То есть, согласно этому подходу, дети в учреждении — это прежде всего дети. Им, как и обычным детям, нужны отношения, похожие на семейные, уход, похожий на семейный, чтобы им аккуратно поменяли пеленку, аккуратно помыли, помазали лосьоном от опрелостей, добавили в ванну пенку, как это происходит в нашей современной городской культуре. Ребенок без тяжелых патологий в нашем обществе получает образование — значит, и детям с инвалидностью это должно быть доступно. Через игру можно научить ребенка с инвалидностью хотя бы базовым навыкам: есть ложкой, ходить или самостоятельно одеваться, если это позволяет состояние его рук и ног. Ребенку и вообще человеку нужно какое-то разнообразие: прогулки, экскурсии, праздники, дни рождения. Все это волонтеры пытались предоставить детям в ДДИ: от обучения навыкам самообслуживания, поездкам на фонтаны в Петергоф и раздачи игрушек до простого перемещения // пересаживания из кровати в ортопедическую коляску, чтобы ребенок смотрел не в потолок, а по сторонам. Эти практики наталкивались на довольно сильное сопротивление санитарок. Они воспринимали волонтеров не как помощников детей, а как своих помощников, потому что в интернате не хватало рабочих рук. Когда санитарки видели, что волонтеры не слишком-то торопятся брать на себя их обязанности, у них начинались вопросы: «Почему ты кормишь трех детей, пока я успеваю накормить десять?», «А зачем ты вообще берешь этого овоща, достаешь его из кровати, сажаешь в коляску и пляшешь вокруг него? Что за странные игры?». В общем, разница в представлениях санитарок и волонтеров о том, что такое инвалидность, проявлялась весьма отчетливо.
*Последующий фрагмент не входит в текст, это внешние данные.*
Theorem lemma4p1 (G : finGroupoid) (K : comPzRingType) (A : algType K)
    (gr : grading G A) :
  let C0 := inC0 gr in
  let mul := cmul gr in
  let we := w_ gr in
  (* (i) C_0 is a unital K-subalgebra of C with identity w *)
  [/\ (forall c, C0 c -> inC c),
      [/\ C0 0,
          (forall x y, C0 x -> C0 y -> C0 (x + y)),
          (forall (k : K) x, C0 x -> C0 (k *: x))
        & (forall x y, C0 x -> C0 y -> C0 (mul x y))],
      C0 (w gr)
    & (forall x, C0 x -> mul (w gr) x = x /\ mul x (w gr) = x)] /\
  (* (ii) the w_e are central orthogonal idempotents of C_0 with sum w *)
  [/\ (forall e, isid e -> C0 (we e)),
      (forall e x, isid e -> C0 x -> mul (we e) x = mul x (we e)),
      (forall e, isid e -> mul (we e) (we e) = we e),
      (forall e f, isid e -> isid f -> e != f -> mul (we e) (we f) = 0)
    & \sum_(e : G | isid e) we e = w gr] /\
  (* (iii) C_0 = (+)_e C_e, C_e = C_0 w_e explicitly described,
     each C_e an ideal of C_0 and a unital algebra with identity w_e *)
  [/\ (forall e c, isid e ->
         inCe gr e c <-> (C0 c /\ forall g, gd g <> e -> c g = 0)),
      (forall c, C0 c -> exists f : G -> {ffun G -> {ffun G -> A}},
         (forall e, isid e -> inCe gr e (f e)) /\ c = \sum_(e : G | isid e) f e),
      (forall f : G -> {ffun G -> {ffun G -> A}},
         (forall e, isid e -> inCe gr e (f e)) ->
         \sum_(e : G | isid e) f e = 0 -> forall e, isid e -> f e = 0),
      (forall e, isid e ->
         [/\ inCe gr e 0,
             (forall x y, inCe gr e x -> inCe gr e y -> inCe gr e (x + y)),
             (forall (k : K) x, inCe gr e x -> inCe gr e (k *: x)),
             (forall x c, C0 x -> inCe gr e c ->
                inCe gr e (mul x c) /\ inCe gr e (mul c x))
           & (forall c, inCe gr e c -> C0 c)])
    & (forall e, isid e ->
         inCe gr e (we e) /\
         forall c, inCe gr e c -> mul (we e) c = c /\ mul c (we e) = c)].
Proof.
move=> C0 mul we; rewrite /C0 /mul /we {C0 mul we}.
split; [|split].
- split=> [c|||x Hx]; [exact: inC0_inC | | exact: w_inC0 | by rewrite w_mull ?w_mulr].
  split; [exact: inC0_0 | exact: inC0_add | exact: inC0_scale | exact: inC0_mul].
- split=> // [e|e x He|e|e f].
  + exact: w_e_inC0.
  + exact: w_e_central.
  + exact: w_e_idem.
  + exact: w_e_orth.
- split=> [e c He|c|f|e He|e He].
  + exact: inCe_char.
  + exact: C0_decomp.
  + exact: C0_decomp_unique.
  + have [Ce0 CeD CeZ] := inCe_submod gr He.
    split=> // [x c Hx Hc|c /(inCe_char gr He)[] //]; exact: inCe_mul.
  + exact: w_e_unit.
Qed.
Дело не только в разнице подходов — деятельность волонтеров затрудняла привычную работу учреждения. Например, они приносили детям игрушки, а санитарки их выкидывали, потому что ребенок начинал играть, шуметь, а санитарки считали, что это мешает другим детям спать. Кроме того, когда ребенок спит и ни с кем не коммуницирует, спокойнее самой санитарке. Поэтому дети были, можно сказать, отучены коммуницировать. Ведь, если ребенок начинает плакать, можно просто не обращать внимания — и он поймет: никто не реагирует, значит нет смысла плакать. Когда волонтеры пришли в ДДИ, дети вообще поначалу на них не реагировали. Я сама видела, что, если из дома ребенка (где оставшиеся без опеки находятся до четырех лет) привозили нового подопечного, он первое время вообще никак не коммуницировал. Лишь после того, как волонтеры тормошили его, он начинал общаться, кричать, что-то требовать, плакать. Однако такое поведение очень неудобно санитаркам, и их можно понять, потому что целый день работать с тринадцатью плачущими детьми, которым ты не во всем можешь помочь, — это очень тяжело. Раньше в рамках учреждения находили какой-то баланс: дети не коммуницировали, а санитарки справлялись со своими обязанности. Волонтеры, хотя и взяли на себя часть работы санитарок, сделали детей более требовательными. Поэтому заведенный в ДДИ порядок перестал работать. Хотя со временем эти две группы находили точки соприкосновения. Некоторые санитарки замечали успехи детей и признавали, что волонтерская работа имеет какой-то эффект. Но этого недостаточно, чтобы говорить о систематическом сближении подходов.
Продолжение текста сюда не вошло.